Assigned task> Provide again, from the entries below, every line from the one containing "(1 - ((#|V| ^ 2 * maxdeg Q)%N)%:R /" through the one containing "have [/eqP/cards2P[a [b", exactly as written, and no other line.

(Saved entries)

══════

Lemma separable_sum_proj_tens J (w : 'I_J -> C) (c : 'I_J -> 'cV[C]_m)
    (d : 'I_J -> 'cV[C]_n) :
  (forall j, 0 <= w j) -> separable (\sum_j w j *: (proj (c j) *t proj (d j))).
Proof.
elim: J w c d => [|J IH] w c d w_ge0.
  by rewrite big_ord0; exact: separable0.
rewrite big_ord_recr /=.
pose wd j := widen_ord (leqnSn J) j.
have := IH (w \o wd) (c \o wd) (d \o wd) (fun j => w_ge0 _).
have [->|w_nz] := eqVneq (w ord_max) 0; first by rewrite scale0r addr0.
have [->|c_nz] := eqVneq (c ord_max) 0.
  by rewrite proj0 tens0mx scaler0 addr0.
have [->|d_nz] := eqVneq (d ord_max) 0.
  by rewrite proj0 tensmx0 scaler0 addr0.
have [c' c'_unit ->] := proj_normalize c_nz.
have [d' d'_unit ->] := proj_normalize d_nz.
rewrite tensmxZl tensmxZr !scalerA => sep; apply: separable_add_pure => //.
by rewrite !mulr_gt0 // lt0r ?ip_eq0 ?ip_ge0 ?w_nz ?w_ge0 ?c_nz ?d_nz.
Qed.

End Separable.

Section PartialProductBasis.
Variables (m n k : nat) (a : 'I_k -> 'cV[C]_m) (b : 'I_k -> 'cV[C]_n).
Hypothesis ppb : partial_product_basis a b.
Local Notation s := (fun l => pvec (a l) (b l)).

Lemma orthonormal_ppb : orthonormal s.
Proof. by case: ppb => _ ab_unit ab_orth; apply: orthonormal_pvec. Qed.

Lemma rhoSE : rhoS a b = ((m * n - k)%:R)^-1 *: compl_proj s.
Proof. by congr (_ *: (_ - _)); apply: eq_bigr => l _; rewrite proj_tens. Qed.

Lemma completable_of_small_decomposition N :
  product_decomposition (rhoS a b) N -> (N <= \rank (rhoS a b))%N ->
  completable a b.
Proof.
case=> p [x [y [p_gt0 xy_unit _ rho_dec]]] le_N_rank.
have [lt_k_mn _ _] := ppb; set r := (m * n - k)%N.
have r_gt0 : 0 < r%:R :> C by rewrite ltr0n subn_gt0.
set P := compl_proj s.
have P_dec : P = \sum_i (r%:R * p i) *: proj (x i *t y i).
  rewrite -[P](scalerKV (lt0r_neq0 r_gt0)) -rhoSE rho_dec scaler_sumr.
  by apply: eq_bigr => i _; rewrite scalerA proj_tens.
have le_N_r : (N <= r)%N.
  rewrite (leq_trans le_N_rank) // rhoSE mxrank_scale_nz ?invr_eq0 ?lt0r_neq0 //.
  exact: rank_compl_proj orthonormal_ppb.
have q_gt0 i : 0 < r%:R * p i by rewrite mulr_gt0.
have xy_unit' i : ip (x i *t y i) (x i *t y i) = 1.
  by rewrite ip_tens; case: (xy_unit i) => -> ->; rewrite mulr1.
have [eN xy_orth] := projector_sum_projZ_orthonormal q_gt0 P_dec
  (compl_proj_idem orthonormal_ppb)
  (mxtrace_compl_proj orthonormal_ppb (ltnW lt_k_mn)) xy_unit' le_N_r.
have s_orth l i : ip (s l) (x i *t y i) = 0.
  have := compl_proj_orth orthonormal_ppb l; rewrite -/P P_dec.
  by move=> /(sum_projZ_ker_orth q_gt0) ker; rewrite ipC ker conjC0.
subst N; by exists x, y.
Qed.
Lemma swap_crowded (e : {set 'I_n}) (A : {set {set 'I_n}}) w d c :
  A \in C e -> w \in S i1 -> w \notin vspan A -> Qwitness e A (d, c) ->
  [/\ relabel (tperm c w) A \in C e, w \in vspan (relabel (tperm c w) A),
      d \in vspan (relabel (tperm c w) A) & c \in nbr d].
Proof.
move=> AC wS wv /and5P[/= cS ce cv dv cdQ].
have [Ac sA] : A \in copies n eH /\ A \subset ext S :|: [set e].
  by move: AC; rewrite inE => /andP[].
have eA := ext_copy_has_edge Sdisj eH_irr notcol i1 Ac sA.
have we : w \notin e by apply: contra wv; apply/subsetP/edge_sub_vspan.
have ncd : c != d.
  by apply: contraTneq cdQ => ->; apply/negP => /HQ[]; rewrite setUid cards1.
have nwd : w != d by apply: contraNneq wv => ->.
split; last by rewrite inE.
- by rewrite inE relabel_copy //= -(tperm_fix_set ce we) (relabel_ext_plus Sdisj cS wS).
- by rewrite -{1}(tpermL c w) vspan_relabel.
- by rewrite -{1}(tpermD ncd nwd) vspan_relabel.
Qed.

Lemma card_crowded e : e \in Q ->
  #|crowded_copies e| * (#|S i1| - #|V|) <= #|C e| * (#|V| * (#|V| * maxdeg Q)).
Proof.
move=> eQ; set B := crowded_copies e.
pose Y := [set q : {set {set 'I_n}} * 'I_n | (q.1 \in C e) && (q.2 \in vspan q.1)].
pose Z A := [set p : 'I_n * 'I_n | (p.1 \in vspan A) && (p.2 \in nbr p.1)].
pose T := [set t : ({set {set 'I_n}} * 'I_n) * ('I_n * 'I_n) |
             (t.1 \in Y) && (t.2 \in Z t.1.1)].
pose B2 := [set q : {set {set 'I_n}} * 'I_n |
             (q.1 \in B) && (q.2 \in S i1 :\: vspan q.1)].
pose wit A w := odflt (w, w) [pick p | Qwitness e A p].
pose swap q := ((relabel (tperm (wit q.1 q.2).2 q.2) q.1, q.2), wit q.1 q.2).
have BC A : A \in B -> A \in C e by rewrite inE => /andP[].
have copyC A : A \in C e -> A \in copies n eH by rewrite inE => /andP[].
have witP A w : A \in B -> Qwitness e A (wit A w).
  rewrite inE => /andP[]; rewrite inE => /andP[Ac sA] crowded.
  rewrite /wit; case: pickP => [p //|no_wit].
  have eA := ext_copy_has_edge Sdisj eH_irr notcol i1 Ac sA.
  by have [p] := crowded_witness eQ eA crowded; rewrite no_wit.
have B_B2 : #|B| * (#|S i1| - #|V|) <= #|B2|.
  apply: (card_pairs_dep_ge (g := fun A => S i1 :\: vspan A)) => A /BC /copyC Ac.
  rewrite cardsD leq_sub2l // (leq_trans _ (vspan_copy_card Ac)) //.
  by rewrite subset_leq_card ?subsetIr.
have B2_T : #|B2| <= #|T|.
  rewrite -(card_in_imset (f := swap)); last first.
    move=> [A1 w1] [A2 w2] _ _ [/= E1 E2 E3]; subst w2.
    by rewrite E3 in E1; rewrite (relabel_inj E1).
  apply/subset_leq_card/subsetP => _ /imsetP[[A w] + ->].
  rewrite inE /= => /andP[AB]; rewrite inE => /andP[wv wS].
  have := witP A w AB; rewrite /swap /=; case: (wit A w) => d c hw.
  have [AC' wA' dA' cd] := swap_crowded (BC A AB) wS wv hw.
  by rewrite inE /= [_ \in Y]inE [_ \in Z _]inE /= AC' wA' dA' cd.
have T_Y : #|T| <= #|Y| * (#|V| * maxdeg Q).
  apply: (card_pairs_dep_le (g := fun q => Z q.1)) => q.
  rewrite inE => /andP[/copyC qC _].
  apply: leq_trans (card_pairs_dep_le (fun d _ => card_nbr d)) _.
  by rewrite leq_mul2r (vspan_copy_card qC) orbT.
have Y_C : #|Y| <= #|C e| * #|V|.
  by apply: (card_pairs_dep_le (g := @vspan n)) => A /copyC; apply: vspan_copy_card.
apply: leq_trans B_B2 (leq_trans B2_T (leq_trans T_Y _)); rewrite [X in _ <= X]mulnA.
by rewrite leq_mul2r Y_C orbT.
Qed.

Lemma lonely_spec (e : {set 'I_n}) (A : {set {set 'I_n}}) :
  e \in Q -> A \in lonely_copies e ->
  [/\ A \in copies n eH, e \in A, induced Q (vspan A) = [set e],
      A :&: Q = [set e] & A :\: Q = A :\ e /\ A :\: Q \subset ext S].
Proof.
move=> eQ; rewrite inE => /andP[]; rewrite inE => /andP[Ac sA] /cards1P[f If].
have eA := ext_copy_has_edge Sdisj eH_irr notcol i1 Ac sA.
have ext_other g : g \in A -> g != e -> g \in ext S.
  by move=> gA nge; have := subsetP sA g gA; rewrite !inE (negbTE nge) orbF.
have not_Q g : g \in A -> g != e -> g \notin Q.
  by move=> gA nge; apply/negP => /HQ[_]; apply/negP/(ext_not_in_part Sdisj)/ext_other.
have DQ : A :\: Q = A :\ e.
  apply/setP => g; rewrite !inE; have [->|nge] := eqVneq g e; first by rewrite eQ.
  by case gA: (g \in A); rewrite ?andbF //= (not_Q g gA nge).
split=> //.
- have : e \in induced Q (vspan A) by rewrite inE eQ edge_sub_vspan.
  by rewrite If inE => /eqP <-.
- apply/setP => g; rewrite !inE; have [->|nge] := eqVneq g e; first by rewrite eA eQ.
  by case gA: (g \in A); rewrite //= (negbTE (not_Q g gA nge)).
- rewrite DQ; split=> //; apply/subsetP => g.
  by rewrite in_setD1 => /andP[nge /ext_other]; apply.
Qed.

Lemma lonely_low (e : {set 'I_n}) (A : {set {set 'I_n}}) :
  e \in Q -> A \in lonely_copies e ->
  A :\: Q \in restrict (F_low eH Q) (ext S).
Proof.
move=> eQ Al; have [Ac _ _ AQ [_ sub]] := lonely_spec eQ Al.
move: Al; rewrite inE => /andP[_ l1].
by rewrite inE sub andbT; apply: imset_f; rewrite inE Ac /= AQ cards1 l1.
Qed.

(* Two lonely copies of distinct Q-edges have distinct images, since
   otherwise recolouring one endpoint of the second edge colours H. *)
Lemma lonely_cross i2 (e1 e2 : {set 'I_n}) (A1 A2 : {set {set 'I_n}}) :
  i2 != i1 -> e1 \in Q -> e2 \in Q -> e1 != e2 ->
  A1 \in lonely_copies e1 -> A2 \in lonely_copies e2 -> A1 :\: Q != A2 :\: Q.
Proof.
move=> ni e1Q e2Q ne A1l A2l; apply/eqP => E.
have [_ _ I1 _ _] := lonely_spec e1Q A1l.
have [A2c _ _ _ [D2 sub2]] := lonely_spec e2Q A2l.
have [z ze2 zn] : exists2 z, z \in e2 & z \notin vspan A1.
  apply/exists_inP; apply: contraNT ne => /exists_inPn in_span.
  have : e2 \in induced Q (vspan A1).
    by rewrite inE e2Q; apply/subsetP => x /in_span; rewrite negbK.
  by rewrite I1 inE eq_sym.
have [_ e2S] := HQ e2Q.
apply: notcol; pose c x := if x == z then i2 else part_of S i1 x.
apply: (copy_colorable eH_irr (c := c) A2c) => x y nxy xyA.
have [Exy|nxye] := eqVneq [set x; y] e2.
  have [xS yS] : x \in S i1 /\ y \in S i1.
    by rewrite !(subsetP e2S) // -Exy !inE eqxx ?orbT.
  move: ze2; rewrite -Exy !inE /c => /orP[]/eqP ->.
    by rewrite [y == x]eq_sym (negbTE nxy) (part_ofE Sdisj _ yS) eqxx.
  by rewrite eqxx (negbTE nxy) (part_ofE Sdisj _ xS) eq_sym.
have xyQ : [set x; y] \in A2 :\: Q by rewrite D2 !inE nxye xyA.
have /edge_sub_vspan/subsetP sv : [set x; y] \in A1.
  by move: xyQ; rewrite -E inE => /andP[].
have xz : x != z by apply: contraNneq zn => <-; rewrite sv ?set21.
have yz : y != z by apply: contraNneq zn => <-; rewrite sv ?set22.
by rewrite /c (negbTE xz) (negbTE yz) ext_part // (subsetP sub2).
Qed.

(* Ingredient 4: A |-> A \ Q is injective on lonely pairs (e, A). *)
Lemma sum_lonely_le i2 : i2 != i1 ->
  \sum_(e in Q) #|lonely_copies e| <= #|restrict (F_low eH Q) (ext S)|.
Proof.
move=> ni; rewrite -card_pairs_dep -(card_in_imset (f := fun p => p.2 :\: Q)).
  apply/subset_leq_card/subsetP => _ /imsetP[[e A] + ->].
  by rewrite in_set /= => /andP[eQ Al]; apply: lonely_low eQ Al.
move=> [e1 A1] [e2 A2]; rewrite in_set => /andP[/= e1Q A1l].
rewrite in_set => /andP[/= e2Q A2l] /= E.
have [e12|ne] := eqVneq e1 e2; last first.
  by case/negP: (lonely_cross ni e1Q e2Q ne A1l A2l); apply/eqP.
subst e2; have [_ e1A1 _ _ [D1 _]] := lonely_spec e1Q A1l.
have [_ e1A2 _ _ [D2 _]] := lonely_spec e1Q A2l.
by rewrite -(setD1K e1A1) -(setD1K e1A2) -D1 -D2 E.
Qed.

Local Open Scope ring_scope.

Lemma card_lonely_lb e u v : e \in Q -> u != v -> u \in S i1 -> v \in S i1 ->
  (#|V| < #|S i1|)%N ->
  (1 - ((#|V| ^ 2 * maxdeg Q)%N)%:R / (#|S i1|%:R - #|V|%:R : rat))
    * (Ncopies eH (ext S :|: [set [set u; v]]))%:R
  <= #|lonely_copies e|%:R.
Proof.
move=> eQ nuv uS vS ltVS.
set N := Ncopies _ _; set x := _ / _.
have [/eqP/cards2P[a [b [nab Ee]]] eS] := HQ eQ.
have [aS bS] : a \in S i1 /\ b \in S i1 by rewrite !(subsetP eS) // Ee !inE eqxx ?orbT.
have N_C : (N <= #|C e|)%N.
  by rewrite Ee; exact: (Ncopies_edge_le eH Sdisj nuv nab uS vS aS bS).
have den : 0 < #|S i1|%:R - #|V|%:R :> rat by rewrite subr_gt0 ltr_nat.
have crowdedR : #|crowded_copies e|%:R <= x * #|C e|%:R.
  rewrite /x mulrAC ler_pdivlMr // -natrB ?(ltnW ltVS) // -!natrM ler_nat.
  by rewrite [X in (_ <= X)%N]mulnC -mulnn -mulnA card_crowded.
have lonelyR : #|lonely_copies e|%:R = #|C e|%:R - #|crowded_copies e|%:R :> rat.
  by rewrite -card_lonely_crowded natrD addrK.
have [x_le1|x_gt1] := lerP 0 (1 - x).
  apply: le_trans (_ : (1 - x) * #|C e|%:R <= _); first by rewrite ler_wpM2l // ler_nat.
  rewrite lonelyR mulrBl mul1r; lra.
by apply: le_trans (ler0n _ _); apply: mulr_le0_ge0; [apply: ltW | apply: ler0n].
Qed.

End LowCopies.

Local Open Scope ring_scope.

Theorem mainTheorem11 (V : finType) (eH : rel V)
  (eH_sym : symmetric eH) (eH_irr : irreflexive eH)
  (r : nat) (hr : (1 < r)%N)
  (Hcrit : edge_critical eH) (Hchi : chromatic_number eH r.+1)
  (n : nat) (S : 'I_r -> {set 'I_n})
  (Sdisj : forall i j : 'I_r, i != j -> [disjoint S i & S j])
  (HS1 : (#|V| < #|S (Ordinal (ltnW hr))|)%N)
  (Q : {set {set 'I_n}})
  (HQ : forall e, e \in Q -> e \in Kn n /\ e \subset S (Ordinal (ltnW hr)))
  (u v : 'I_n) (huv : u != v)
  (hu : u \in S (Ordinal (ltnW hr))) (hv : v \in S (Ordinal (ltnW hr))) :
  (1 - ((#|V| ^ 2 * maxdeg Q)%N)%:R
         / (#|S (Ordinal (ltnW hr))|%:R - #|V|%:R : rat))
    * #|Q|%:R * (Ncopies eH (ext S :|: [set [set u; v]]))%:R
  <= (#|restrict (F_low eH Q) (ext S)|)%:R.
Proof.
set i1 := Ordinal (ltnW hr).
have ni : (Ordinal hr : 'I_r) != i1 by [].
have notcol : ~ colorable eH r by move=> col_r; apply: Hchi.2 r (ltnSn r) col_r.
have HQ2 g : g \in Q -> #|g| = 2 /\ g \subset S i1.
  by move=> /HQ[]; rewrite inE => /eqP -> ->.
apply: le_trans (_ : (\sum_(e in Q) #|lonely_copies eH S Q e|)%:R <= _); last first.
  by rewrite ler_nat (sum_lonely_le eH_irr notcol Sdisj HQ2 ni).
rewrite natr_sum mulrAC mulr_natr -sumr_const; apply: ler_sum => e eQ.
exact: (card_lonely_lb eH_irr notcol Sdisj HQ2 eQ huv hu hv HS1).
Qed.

══════

Task answer>
  (1 - ((#|V| ^ 2 * maxdeg Q)%N)%:R / (#|S i1|%:R - #|V|%:R : rat))
    * (Ncopies eH (ext S :|: [set [set u; v]]))%:R
  <= #|lonely_copies e|%:R.
Proof.
move=> eQ nuv uS vS ltVS.
set N := Ncopies _ _; set x := _ / _.
have [/eqP/cards2P[a [b [nab Ee]]] eS] := HQ eQ.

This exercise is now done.